По мысли Боратынского, только самобытность в искусстве достойна памяти последующих поколений, а может быть, и вечности. С достоинством и простотой — нагой мыслью и обычным слогом — это высказано в другом тогдашнем стихотворении:
Мой дар убог, и голос мой не громок, Но я живу, и на земли моё Кому-нибудь любезно бытиё: Его найдёт далёкий мой потомок В моих стихах. Как знать? Душа моя Окажется с душой его в сношенье, И, как нашёл я друга в поколенье, Читателя найду в потомстве я.В этом восьмистишии одно лишь слово выдаёт глубокую важность признания:
<…> на земли моё <…>.Старинный церковнославянский оборот, словно удар в могучий древний колокол, заставляет по-иному звучать стихи: они будто бы наполняются гулом времён. Будничная речь вдруг обнаруживает в себе скрытое торжественное волнение — и звучит уже как заветная клятва об утверждении себя в вечности.

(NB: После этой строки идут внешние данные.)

(* Let $X$ be a nonnegative random variable with cumulative distribution function $F$, let $\gamma>0$ with $\mathbb{E}[\mathrm{e}^{\gamma X}]<\infty$, and let $g\in\mathcal{G}$. Let $\mathcal{M}:=\big[1,\int_0^\infty \mathrm{e}^{\gamma x}\,\mathrm{d}F(x)\big]$. For $m\in\mathcal{M}$ define $d(m):=\frac{1}{\gamma}\ln(g'(0)m)$, define $I_m(x):=0$ for $x\in[0,d(m)]$ and, for $x>d(m)$, let $I_m(x)\in(0,x)$ be the unique solution $y$ of $\mathrm{e}^{\gamma(x-y)}-m g'(y)=0$, and set \[ h(m):=\int_0^{d(m)}\mathrm{e}^{\gamma x}\,\mathrm{d}F(x)+\int_{d(m)}^\infty \mathrm{e}^{\gamma(x-I_m(x))}\,\mathrm{d}F(x). \] For any $M_0\in\mathcal{M}$, define $M_n:=h(M_{n-1})$ for $n\ge1$. Then the sequence $\{M_n\}_{n\ge 0}$ admits a limit $M^*=\lim_{n\to\infty}M_n\in\mathcal{M}$.
   Context: $\mathcal{G}$ is the set of twice differentiable functions $g:\mathbb{R}_+\to\mathbb{R}_+$ with $g''\ge 0$, $g(0)=0$, $g(x)\ge x$ for all $x\ge0$, and $g$ not identically equal to $x\mapsto x$ (so $g'\ge 1$). The iteration $M_n=h(M_{n-1})$ is the paper's algorithm for computing the constant $M=\mathbb{E}[\mathrm{e}^{\gamma(X-\widehat{I}_g(X))}]$ associated with the optimal indemnity for the problem $\inf_{I}\mathbb{E}[\mathrm{e}^{\gamma(X-I(X)+\mathbb{E}[g(I(X))])}]$ over continuous $I$ with $0\le I(x)\le x$. *)

From HB Require Import structures.
From mathcomp Require Import all_boot all_order all_algebra.
From mathcomp Require Import all_classical all_reals all_analysis.
Set Implicit Arguments. Unset Strict Implicit. Unset Printing Implicit Defensive.
Import Order.TTheory GRing.Theory Num.Theory.
Import numFieldNormedType.Exports.
Local Open Scope classical_set_scope.
Local Open Scope ring_scope.

(* The class G: g twice differentiable, g'' >= 0, g(0) = 0, g(x) >= x,
   g not the identity on R_+.  g is given on all of R; only its values
   and derivatives on [0, +oo) matter. *)
Definition in_G (R : realType) (g : R -> R) : Prop :=
  (forall x : R, derivable g x 1 /\ derivable (derive1 g) x 1) /\
  (forall x : R, 0 <= x -> 0 <= derive1 (derive1 g) x) /\
  g 0 = 0 /\
  (forall x : R, 0 <= x -> 0 <= g x) /\
  (forall x : R, 0 <= x -> x <= g x) /\
  (exists x : R, 0 <= x /\ g x != x).

Definition dlev (R : realType) (gamma : R) (g : R -> R) (m : R) : R :=
  gamma^-1 * ln (derive1 g 0 * m).

(* I_m(x) = 0 on [0, d(m)]; for x > d(m), the (unique) y in (0, x) with
   exp(gamma (x - y)) - m g'(y) = 0 (chosen with xget; default x if none). *)
Definition Im (R : realType) (gamma : R) (g : R -> R) (m x : R) : R :=
  if x <= dlev gamma g m then 0
  else xget x [set y : R | 0 < y < x /\
                 expR (gamma * (x - y)) - m * derive1 g y = 0].

(* h(m) = int_0^{d(m)} e^{gamma x} dF + int_{d(m)}^oo e^{gamma (x - I_m(x))} dF
        = int_[0,oo) e^{gamma (x - I_m(x))} dF(x)   (since I_m = 0 on [0,d(m)]) *)
Definition hmap d (T : measurableType d) (R : realType) (P : probability T R)
    (X : {RV P >-> R}) (gamma : R) (g : R -> R) (m : R) : R :=
  fine (\int[distribution P X]_(x in `[0%R, +oo[)
          (expR (gamma * (x - Im gamma g m x)))%:E)%E.

Definition Mmax d (T : measurableType d) (R : realType) (P : probability T R)
    (X : {RV P >-> R}) (gamma : R) : R :=
  fine (\int[distribution P X]_(x in `[0%R, +oo[) (expR (gamma * x))%:E)%E.

From HB Require Import structures.
From mathcomp Require Import all_boot all_order all_algebra.
From mathcomp Require Import all_classical all_reals all_analysis.
From mathcomp Require Import measurable_realfun.
From Pilot Require Import Defs.
Set Implicit Arguments. Unset Strict Implicit. Unset Printing Implicit Defensive.
Import Order.TTheory GRing.Theory Num.Theory.
Import numFieldNormedType.Exports.
Local Open Scope classical_set_scope.
Local Open Scope ring_scope.

(* The orbit of a nondecreasing self-map of a compact interval is monotone,
   in the direction given by the sign of h(M0) - M0, and bounded, so it
   converges inside the interval.  Here h maps [1, Mmax] into itself because
   0 <= I_m(x) <= x, and h is nondecreasing because I_m(x) is nonincreasing
   in m: the first-order condition e^{gamma (x - y)} - m g'(y) is decreasing
   both in y (g is convex) and in m (g' > 0), so its root moves left as m
   grows. *)

Section monotone_iteration.
Variables (R : realType) (h : R -> R) (a b : R).
Hypothesis h_itv : forall x, a <= x <= b -> a <= h x <= b.
Hypothesis h_ndecr : forall x y, a <= x -> x <= y -> y <= b -> h x <= h y.

Lemma iter_itv x0 : a <= x0 <= b -> forall n, a <= iter n h x0 <= b.
Proof. by move=> x0ab; elim=> //= n; exact: h_itv. Qed.

Lemma iter_ndecr_step x0 n : a <= x0 <= b -> x0 <= h x0 ->
  iter n h x0 <= iter n.+1 h x0.
Proof.
move=> x0ab x0h; elim: n => //= n IH.
by have /andP[an _] := iter_itv x0ab n; have /andP[_ bn] := iter_itv x0ab n.+1;
  exact: h_ndecr.
Qed.

Lemma iter_nincr_step x0 n : a <= x0 <= b -> h x0 <= x0 ->
  iter n.+1 h x0 <= iter n h x0.
Proof.
move=> x0ab hx0; elim: n => //= n IH.
by have /andP[an _] := iter_itv x0ab n.+1; have /andP[_ bn] := iter_itv x0ab n;
  exact: h_ndecr.
Qed.

Lemma cvgn_iter_itv x0 : a <= x0 <= b ->
  exists l, iter n h x0 @[n --> \oo] --> l /\ a <= l <= b.
Proof.
move=> x0ab; set u := fun n => iter n h x0.
have u_itv := iter_itv x0ab.
have cu : cvgn u.
  have [x0h|hx0] := leP x0 (h x0).
    apply: nondecreasing_is_cvgn.
      by apply/nondecreasing_seqP => n; exact: iter_ndecr_step.
    by exists b => _ [n _ <-]; have /andP[] := u_itv n.
  apply: nonincreasing_is_cvgn.
    by apply/nonincreasing_seqP => n; apply: iter_nincr_step => //; exact: ltW.
  by exists a => _ [n _ <-]; have /andP[] := u_itv n.
exists (limn u); split => //; apply/andP; split.
- by apply: limr_ge => //; apply: nearW => n; have /andP[] := u_itv n.
- by apply: limr_le => //; apply: nearW => n; have /andP[] := u_itv n.
Qed.

End monotone_iteration.


Section cost_function.
Variables (R : realType) (g : R -> R).
Hypothesis gG : in_G g.

Lemma continuous_derive1_cost : continuous (derive1 g).
Proof.
case: gG => dg _ x.
by apply/differentiable_continuous/derivable1_diffP; exact: (dg x).2.
Qed.

Lemma derive1_cost0_ge1 : 1 <= derive1 g 0.
Proof.
case: gG => dg [_ [g0 [_ [g_ge _]]]].
(* g'(0) is also the right limit of g(t)/t, and g(t) >= t. *)
have dg0 := (dg 0).1.
rewrite derive1E /derive cvg_at_rightE //; apply: limr_ge.
  by apply/cvg_ex; eexists; apply: cvg_dnbhs_at_right; exact: dg0.
near=> t; have t0 : 0 < t by near: t; exact: nbhs_right_gt.
rewrite /= g0 subr0 addr0 [_ *: 1]mulr1 /GRing.scale /= ler_pdivlMl // mulr1.
exact/g_ge/ltW.
Unshelve. all: end_near.
Qed.

Lemma derive1_cost_ndecr x y : 0 <= x -> x <= y -> derive1 g x <= derive1 g y.
Proof.
have [dg [d2g _]] := gG.
apply: ger0_derive1_ndecry.
- by move=> z _; exact: (dg z).2.
- by move=> z; rewrite in_itv /= andbT => /ltW; exact: d2g.
- by apply: continuous_subspaceT; exact: continuous_derive1_cost.
Qed.

Lemma derive1_cost_ge1 y : 0 <= y -> 1 <= derive1 g y.
Proof.
by move=> y0; apply: le_trans derive1_cost0_ge1 _; exact: derive1_cost_ndecr.
Qed.

End cost_function.

Section retention.
Variables (R : realType) (g : R -> R) (gamma : R).
Hypothesis gG : in_G g.
Hypothesis gamma0 : 0 < gamma.

(* [I_m(x)] is the root in [y] of the first-order condition [foc m x y = 0]. *)
Definition foc (m x y : R) := expR (gamma * (x - y)) - m * derive1 g y.

Lemma foc_decr m x y1 y2 :
  0 <= m -> 0 <= y1 -> y1 < y2 -> foc m x y2 < foc m x y1.
Proof.
move=> m0 y10 y12; rewrite /foc ltr_leB //.
  by rewrite ltr_expR ltr_pM2l // ltrD2l ltrN2.
by rewrite ler_wpM2l // derive1_cost_ndecr // ltW.
Qed.

Lemma foc_nincr_m m m' x y : 0 <= y -> m <= m' -> foc m' x y <= foc m x y.
Proof.
move=> y0 mm'; rewrite /foc lerD2l lerN2 ler_wpM2r //.
exact: le_trans ler01 (derive1_cost_ge1 gG y0).
Qed.

Lemma continuous_foc m x : continuous (foc m x).
Proof.
move=> y; apply: cvgB.
  apply: continuous_comp; last exact: continuous_expR.
  by apply: cvgM; [exact: cvg_cst | apply: cvgB; [exact: cvg_cst | exact: cvg_id]].
by apply: cvgM; [exact: cvg_cst | exact: continuous_derive1_cost].
Qed.

Lemma dlev_ler m m' : 0 < m -> m <= m' -> dlev gamma g m <= dlev gamma g m'.
Proof.
move=> m0 mm'; have m'0 := lt_le_trans m0 mm'.
have g'0 := lt_le_trans ltr01 (derive1_cost0_ge1 gG).
rewrite /dlev ler_pM2l ?invr_gt0 // ler_ln ?posrE ?mulr_gt0 //.
by rewrite ler_wpM2l // ltW.
Qed.

Lemma foc0_gt0 m x : 0 < m -> dlev gamma g m < x -> 0 < foc m x 0.
Proof.
move=> m0; have g'0 := lt_le_trans ltr01 (derive1_cost0_ge1 gG).
rewrite /foc subr0 subr_gt0 /dlev ltr_pdivrMl // -ltr_expR.
by rewrite lnK ?posrE ?mulr_gt0 // mulrC.
Qed.

Lemma foc_root m x y :
  0 < m -> dlev gamma g m < x -> 0 <= y -> foc m x y <= 0 ->
  exists2 c, 0 < c <= y & foc m x c = 0.
Proof.
move=> m0 dx y0 fy; have f0 := foc0_gt0 m0 dx.
have [c] : exists2 c, c \in `[0, y] & foc m x c = 0.
  apply: IVT => //; first by apply: continuous_subspaceT; exact: continuous_foc.
  by rewrite ge_min le_max fy (ltW f0) !orbT.
rewrite in_itv /= => /andP[c0 cy] fc; exists c => //.
rewrite cy andbT lt_neqAle c0 andbT.
by apply: contraTneq f0 => c0'; subst c; rewrite fc ltxx.
Qed.

Lemma Im_itv m x : 0 <= x -> 0 <= Defs.Im gamma g m x <= x.
Proof.
move=> x0; rewrite /Defs.Im; case: ifP => _; first by rewrite lexx.
case: xgetP => [y -> [/andP[y0 yx] _]|_]; last by rewrite x0 lexx.
by rewrite (ltW y0) (ltW yx).
Qed.

Lemma Im_nincr m m' x : 0 < m -> m <= m' -> 0 <= x ->
  Defs.Im gamma g m' x <= Defs.Im gamma g m x.
Proof.
move=> m0 mm' x0; have m'0 := lt_le_trans m0 mm'.
have [xdm'|dm'x] := leP x (dlev gamma g m').
  by rewrite {1}/Defs.Im xdm'; have /andP[] := Im_itv m x0.
have dmx := le_lt_trans (dlev_ler m0 mm') dm'x.
rewrite /Defs.Im (lt_geF dm'x) (lt_geF dmx).
case: xgetP => [y' _ [/andP[y'0 y'x] fy']|noroot'];
  case: xgetP => [y _ [/andP[y0 yx] fy]|_] //.
- rewrite leNgt; apply/negP => yy'.
  have := foc_decr x (ltW m'0) (ltW y0) yy'.
  by rewrite [foc _ _ y']fy' ltNge -fy foc_nincr_m // ltW.
- exact: ltW.
- have fy0 : foc m' x y <= 0 by rewrite -fy; exact: foc_nincr_m (ltW y0) mm'.
  have [c /andP[c0 cy] fc] := foc_root m'0 dm'x (ltW y0) fy0.
  by case: (noroot' c); split; [rewrite c0 (le_lt_trans cy yx) | exact: fc].
Qed.

End retention.

(* No measurability is needed: a nonnegative integral is a supremum over the
   simple functions below the integrand.  This matters because [Im] is defined
   by choice and is not known to be measurable. *)
Lemma ge0_le_integral_nomeas d (T : measurableType d) (R : realType)
    (mu : {measure set T -> \bar R}) (D : set T) (f1 f2 : T -> \bar R) :
  (forall x, D x -> (0 <= f1 x)%E) -> (forall x, D x -> (f1 x <= f2 x)%E) ->
  (\int[mu]_(x in D) f1 x <= \int[mu]_(x in D) f2 x)%E.
Proof.
move=> f10 f12; have f20 x : D x -> (0 <= f2 x)%E.
  by move=> Dx; exact: le_trans (f10 x Dx) (f12 x Dx).
rewrite !ge0_integralE //; apply: ereal_sup_le => _ [h hf1 <-].
exists h => //= x; apply: le_trans (hf1 x) _.
by rewrite /patch; case: ifP => // /set_mem /f12.
Qed.

Section iteration_map.
Variables (d : measure_display) (T : measurableType d) (R : realType)
  (P : probability T R) (X : {RV P >-> R}) (gamma : R).
Hypothesis X_ge0 : forall w, 0 <= X w.
Hypothesis gamma0 : 0 < gamma.
Hypothesis expX_fin : (\int[P]_w (expR (gamma * X w))%:E < +oo)%E.
Variable g : R -> R.
Hypothesis gG : in_G g.

Local Notation mu := (distribution P X).

Definition retained_moment (f : R -> R) :=
  (\int[mu]_(x in `[0%R, +oo[) (expR (gamma * (x - f x)))%:E)%E.

Lemma retained_moment_le f1 f2 : (forall x, 0 <= x -> f2 x <= f1 x) ->
  (retained_moment f1 <= retained_moment f2)%E.
Proof.
move=> f21; apply: ge0_le_integral_nomeas => x.
  by rewrite lee_fin expR_ge0.
rewrite /= in_itv /= andbT => x0.
by rewrite lee_fin ler_expR ler_pM2l // lerD2l lerN2 f21.
Qed.

Lemma retained_moment_id : retained_moment id = 1%E.
Proof.
have mu_nonneg : mu `[0%R, +oo[ = 1%E.
  rewrite /distribution /pushforward /=.
  have -> : X @^-1` `[0%R, +oo[ = setT.
    by apply/seteqP; split => // w _ /=; rewrite in_itv /= andbT X_ge0.
  exact: probability_setT.
rewrite /retained_moment.
under eq_integral do rewrite subrr mulr0 expR0.
by rewrite integral_cst // mul1e; exact: mu_nonneg.
Qed.

Lemma retained_moment0_lt_pinfty : (retained_moment (fun=> 0%R) < +oo)%E.
Proof.
have mexp : measurable_fun [set: R] (fun x : R => (expR (gamma * x))%:E).
  apply/measurable_EFinP; apply: continuous_measurable_fun => x.
  apply: continuous_comp; last exact: continuous_expR.
  by apply: cvgM; [exact: cvg_cst | exact: cvg_id].
have EX : (\int[P]_w (expR (gamma * X w))%:E =
            \int[mu]_x (expR (gamma * x))%:E)%E.
  by rewrite (ge0_integral_distribution _ mexp).
apply: le_lt_trans expX_fin; rewrite EX /retained_moment.
under eq_integral do rewrite subr0.
exact: ge0_subset_integral.
Qed.

Lemma fine_retained_moment_le f1 f2 :
  (forall x, 0 <= x -> 0 <= f2 x <= f1 x) ->
  fine (retained_moment f1) <= fine (retained_moment f2).
Proof.
move=> f21; have f2_le : (retained_moment f2 <= retained_moment (fun=> 0%R))%E.
  by apply: retained_moment_le => x /f21 /andP[].
have f12 : (retained_moment f1 <= retained_moment f2)%E.
  by apply: retained_moment_le => x /f21 /andP[].
have f1_ge0 : (0 <= retained_moment f1)%E.
  by apply: integral_ge0 => x _; rewrite lee_fin expR_ge0.
apply: fine_le => //; rewrite ge0_fin_numE ?(le_trans f1_ge0) //.
  exact: le_lt_trans f12 (le_lt_trans f2_le retained_moment0_lt_pinfty).
exact: le_lt_trans f2_le retained_moment0_lt_pinfty.
Qed.

Lemma hmap_itv m : 1 <= hmap X gamma g m <= Mmax X gamma.
Proof.
have Mmax_moment : Mmax X gamma = fine (retained_moment (fun=> 0%R)).
  rewrite /Mmax /retained_moment; congr (fine _).
  by apply: eq_integral => x _; rewrite subr0.
apply/andP; split.
  have <- : fine (retained_moment id) = 1 by rewrite retained_moment_id.
  by apply: fine_retained_moment_le => x; exact: Im_itv.
rewrite Mmax_moment; apply: fine_retained_moment_le => x x0.
by rewrite lexx /=; have /andP[] := Im_itv g gamma m x0.
Qed.

Lemma hmap_ndecr m m' :
  0 < m -> m <= m' -> hmap X gamma g m <= hmap X gamma g m'.
Proof.
move=> m0 mm'; apply: fine_retained_moment_le => x x0.
by rewrite Im_nincr // andbT; have /andP[] := Im_itv g gamma m' x0.
Qed.

End iteration_map.

Theorem theorem2p3 (d : measure_display) (T : measurableType d) (R : realType)
  (P : probability T R) (X : {RV P >-> R}) (gamma : R) (g : R -> R)
  (M0 : R) :
  (forall w : T, 0 <= X w) ->
  0 < gamma ->
  (\int[P]_w (expR (gamma * X w))%:E < +oo)%E ->
  in_G g ->
  1 <= M0 <= Mmax X gamma ->
  exists Mstar : R,
    (fun n : nat => iter n (hmap X gamma g) M0) @ \oo --> Mstar /\
    1 <= Mstar <= Mmax X gamma.
Proof.
move=> X_ge0 gamma0 expX_fin gG M0_itv.
apply: (cvgn_iter_itv _ _ M0_itv) => [m _|m m' m1 mm' _].
- exact: hmap_itv.
- exact: hmap_ndecr (lt_le_trans ltr01 m1) mm'.
Qed.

Чуть позже, в 1829 году, Боратынский вновь возвращается к этой теме — и выражает её в точной поэтической формуле, слегка прикрыв чеканный очерк определения тончайшей накидкой провидческой иронии:
Не ослеплён я музою моею: Красавицей её не назовут, И юноши, узрев её, за нею Влюблённою толпой не побегут. Приманивать изысканным узором, Игрою глаз, блестящим разговором Ни склонности у ней, ни дара нет; Но поражён бывает мельком свет Её лица необщим выраженьем, Её речей спокойной простотой; И он скорей, чем едким осужденьем, Её почтит небрежной похвалой.И, наконец, своё высшее воплощение в его лирике эта тема нашла в стихотворении «Подражателям» (первоначальное название), написанном, как установили исследователи, до двадцатых чисел ноября 1829 года, а затем доработанном в 1832–1833 годах. Тут уже поэт не говорит — глаголет: стих пылает огнём и пышет гневом той силы, которой отличалась речь древних пророков:
Когда, печалью вдохновенный, Певец печаль свою поёт, Скажите: отзыв умиленный В каком он сердце не найдёт? Кто, вековых проклятий жаден, Дерзнёт осмеивать её? Но для притворства всякий хладен. Плач подражательный досаден, Смешно жеманное вытьё! Не напряжённого мечтанья Огнём услужливым согрет, Постигнул таинства страданья Душемутительный поэт. В борьбе с тяжёлою судьбою Познал он меру вышних сил, Сердечных судорог ценою Он выраженье их купил. И вот нетленными лучами Лик песнопевца окружён И чтим земными племенами, Подобно мученику, он. А ваша муза площадная, Тоской заёмною мечтая Родить участие в сердцах, Подобна нищей развращённой, Молящей лепты незаконной С чужим ребёнком на руках.Это была пора его поэтического возмужания.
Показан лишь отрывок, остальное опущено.